▽

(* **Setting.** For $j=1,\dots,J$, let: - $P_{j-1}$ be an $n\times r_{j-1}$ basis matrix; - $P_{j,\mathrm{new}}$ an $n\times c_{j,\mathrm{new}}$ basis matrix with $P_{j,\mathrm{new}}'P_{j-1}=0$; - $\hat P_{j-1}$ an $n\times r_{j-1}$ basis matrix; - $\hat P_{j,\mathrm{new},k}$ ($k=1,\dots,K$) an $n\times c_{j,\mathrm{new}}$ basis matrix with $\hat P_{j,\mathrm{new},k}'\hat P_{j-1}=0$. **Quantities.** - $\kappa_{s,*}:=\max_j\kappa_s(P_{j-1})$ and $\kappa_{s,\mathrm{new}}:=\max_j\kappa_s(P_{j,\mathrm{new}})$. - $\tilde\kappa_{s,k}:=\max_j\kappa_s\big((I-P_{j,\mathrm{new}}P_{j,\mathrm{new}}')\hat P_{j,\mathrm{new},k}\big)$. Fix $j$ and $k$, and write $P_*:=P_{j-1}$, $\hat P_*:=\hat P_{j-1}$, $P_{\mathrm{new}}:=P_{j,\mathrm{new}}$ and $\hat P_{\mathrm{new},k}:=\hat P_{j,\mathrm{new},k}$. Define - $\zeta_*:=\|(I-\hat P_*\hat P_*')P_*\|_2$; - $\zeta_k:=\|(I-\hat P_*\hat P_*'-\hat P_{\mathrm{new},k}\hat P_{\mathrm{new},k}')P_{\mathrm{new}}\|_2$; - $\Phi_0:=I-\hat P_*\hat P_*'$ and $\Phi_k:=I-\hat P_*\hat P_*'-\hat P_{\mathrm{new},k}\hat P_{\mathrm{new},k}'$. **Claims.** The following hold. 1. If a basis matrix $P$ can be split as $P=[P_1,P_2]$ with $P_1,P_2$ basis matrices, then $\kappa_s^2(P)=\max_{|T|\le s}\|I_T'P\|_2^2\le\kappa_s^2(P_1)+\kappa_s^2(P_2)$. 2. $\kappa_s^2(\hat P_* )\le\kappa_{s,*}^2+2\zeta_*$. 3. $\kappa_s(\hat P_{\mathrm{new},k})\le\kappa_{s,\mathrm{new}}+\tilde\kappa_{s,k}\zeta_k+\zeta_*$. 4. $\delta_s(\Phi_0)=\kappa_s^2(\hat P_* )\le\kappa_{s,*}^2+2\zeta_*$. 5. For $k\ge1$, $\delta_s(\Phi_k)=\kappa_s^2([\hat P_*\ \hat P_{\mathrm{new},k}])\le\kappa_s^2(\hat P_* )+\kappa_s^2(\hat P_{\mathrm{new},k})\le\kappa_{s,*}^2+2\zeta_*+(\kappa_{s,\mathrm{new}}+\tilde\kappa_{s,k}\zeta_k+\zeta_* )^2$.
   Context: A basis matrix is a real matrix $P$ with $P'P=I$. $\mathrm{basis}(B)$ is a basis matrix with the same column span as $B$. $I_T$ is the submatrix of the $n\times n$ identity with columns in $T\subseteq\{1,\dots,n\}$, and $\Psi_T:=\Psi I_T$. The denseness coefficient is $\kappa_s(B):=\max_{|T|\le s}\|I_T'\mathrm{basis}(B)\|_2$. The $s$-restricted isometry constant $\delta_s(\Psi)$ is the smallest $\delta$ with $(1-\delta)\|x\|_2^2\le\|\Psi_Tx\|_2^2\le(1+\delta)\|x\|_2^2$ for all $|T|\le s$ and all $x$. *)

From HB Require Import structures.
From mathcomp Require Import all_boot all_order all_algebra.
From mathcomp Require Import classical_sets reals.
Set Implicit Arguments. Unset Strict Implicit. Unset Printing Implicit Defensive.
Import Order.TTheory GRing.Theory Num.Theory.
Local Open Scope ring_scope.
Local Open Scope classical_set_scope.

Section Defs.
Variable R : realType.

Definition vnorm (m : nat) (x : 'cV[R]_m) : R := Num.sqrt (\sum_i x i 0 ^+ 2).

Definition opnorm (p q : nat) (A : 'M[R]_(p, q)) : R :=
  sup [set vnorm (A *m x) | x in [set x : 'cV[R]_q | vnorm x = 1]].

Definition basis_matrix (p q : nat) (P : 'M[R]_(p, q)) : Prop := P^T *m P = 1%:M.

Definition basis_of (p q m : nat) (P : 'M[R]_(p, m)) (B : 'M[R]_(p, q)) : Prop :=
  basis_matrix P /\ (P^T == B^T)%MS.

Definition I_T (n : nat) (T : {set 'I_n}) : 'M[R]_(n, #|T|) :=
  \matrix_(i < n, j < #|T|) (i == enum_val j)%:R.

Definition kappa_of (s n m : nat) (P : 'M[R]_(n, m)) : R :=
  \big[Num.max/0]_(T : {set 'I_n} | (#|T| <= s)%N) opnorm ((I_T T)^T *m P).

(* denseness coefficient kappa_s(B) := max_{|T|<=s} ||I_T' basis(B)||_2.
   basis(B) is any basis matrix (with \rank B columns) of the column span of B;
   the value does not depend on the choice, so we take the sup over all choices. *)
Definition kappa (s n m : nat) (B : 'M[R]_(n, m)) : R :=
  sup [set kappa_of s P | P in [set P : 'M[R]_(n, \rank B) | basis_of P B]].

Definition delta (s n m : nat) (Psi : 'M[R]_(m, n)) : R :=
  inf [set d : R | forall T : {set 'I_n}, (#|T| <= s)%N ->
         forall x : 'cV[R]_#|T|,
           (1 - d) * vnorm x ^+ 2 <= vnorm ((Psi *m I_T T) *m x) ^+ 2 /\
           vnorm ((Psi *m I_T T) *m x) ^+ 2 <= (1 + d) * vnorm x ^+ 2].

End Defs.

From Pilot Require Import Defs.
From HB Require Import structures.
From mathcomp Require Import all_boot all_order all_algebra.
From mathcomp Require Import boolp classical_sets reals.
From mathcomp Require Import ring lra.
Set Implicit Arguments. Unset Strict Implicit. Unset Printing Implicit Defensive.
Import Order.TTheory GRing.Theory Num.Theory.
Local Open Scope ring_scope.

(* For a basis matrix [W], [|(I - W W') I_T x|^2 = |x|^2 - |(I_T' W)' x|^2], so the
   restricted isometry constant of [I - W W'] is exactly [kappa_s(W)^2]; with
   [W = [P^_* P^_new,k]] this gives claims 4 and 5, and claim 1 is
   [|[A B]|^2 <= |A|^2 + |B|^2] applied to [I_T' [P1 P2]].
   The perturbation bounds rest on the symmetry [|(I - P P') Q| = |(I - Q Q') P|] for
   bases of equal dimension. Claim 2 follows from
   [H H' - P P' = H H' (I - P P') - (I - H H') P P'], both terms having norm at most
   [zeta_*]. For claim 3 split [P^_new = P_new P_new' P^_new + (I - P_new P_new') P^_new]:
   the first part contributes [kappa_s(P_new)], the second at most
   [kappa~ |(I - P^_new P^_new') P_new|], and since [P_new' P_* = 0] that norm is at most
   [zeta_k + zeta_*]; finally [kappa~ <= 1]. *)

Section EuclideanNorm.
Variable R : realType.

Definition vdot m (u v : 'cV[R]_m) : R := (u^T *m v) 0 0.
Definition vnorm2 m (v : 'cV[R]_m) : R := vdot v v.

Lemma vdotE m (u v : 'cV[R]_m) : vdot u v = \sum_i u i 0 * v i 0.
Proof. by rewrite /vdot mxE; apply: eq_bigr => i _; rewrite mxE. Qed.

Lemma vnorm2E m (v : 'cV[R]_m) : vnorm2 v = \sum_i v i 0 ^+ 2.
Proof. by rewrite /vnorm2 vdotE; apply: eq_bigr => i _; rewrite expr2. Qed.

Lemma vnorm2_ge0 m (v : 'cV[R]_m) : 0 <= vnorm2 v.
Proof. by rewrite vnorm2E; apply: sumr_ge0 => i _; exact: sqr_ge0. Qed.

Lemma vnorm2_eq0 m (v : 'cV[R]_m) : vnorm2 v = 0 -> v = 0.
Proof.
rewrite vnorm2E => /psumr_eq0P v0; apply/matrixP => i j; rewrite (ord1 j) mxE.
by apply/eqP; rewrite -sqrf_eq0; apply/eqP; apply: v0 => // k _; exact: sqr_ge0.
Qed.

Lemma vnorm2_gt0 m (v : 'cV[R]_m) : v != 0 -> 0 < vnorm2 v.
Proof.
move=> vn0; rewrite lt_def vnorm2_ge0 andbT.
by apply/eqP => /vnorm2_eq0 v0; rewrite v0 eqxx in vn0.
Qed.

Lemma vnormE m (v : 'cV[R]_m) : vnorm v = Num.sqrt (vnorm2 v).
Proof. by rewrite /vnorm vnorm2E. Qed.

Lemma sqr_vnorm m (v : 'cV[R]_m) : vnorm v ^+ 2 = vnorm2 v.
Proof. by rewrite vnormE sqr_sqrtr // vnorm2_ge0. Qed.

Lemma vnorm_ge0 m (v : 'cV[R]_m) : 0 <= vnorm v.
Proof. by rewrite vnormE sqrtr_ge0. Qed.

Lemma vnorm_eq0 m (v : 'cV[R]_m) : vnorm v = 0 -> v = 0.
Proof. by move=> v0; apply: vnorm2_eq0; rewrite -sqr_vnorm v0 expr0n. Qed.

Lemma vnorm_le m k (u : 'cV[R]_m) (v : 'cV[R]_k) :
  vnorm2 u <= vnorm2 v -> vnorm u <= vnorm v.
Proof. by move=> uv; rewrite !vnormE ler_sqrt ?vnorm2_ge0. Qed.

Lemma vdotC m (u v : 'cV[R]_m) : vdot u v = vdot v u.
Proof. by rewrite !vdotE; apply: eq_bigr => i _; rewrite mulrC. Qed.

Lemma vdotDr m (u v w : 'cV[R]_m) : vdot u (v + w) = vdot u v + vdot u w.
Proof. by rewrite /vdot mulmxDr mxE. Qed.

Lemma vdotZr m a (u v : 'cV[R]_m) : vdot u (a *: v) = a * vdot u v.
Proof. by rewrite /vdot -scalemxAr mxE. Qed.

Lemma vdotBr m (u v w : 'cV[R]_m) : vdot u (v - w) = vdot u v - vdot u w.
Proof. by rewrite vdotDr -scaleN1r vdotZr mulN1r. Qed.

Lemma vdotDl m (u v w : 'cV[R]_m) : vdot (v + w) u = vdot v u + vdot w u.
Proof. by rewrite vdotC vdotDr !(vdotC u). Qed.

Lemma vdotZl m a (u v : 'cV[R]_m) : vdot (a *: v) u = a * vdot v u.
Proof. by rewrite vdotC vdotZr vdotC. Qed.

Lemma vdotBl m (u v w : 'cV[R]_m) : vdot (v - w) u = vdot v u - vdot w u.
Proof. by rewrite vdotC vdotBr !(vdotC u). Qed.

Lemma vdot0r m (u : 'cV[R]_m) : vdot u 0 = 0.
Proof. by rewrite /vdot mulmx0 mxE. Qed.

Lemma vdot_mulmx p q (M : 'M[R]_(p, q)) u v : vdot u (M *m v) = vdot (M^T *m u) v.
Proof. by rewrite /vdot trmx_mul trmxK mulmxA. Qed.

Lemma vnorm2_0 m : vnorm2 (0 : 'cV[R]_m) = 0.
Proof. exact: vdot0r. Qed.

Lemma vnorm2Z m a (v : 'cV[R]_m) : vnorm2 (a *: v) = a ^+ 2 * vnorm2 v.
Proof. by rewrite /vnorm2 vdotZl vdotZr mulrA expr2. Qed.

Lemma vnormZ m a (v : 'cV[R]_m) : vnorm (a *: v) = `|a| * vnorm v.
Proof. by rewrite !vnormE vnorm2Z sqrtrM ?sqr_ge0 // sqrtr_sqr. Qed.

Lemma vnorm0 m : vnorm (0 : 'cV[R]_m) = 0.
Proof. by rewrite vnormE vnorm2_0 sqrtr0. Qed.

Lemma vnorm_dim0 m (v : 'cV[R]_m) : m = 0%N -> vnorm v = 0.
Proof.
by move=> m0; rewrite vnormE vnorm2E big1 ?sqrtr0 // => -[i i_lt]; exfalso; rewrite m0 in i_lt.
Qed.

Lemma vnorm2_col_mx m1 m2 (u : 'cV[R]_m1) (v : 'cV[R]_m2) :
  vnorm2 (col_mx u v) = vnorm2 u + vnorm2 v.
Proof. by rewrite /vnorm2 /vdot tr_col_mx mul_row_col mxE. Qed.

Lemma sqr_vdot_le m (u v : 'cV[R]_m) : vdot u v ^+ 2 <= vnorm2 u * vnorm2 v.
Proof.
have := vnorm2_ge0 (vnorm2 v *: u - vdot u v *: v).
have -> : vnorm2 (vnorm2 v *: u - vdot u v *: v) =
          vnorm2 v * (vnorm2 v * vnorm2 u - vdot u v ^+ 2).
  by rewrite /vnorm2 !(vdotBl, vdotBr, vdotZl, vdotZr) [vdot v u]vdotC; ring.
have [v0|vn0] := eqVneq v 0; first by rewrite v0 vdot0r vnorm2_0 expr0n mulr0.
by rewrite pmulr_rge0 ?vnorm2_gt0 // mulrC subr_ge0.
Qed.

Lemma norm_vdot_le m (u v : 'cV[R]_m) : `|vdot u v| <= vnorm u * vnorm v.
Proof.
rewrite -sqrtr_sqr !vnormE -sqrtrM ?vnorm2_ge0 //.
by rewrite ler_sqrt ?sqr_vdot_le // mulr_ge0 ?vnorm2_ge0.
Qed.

△

Work to be completed: Look through the data above and return exactly the lines from the one that contains "Proof. by rewrite vnorm2E;" to the one that contains "rewrite vnorm2E =>", inclusive, with nothing else.

The answer:
Proof. by rewrite vnorm2E; apply: sumr_ge0 => i _; exact: sqr_ge0. Qed.

Lemma vnorm2_eq0 m (v : 'cV[R]_m) : vnorm2 v = 0 -> v = 0.
Proof.
rewrite vnorm2E => /psumr_eq0P v0; apply/matrixP => i j; rewrite (ord1 j) mxE.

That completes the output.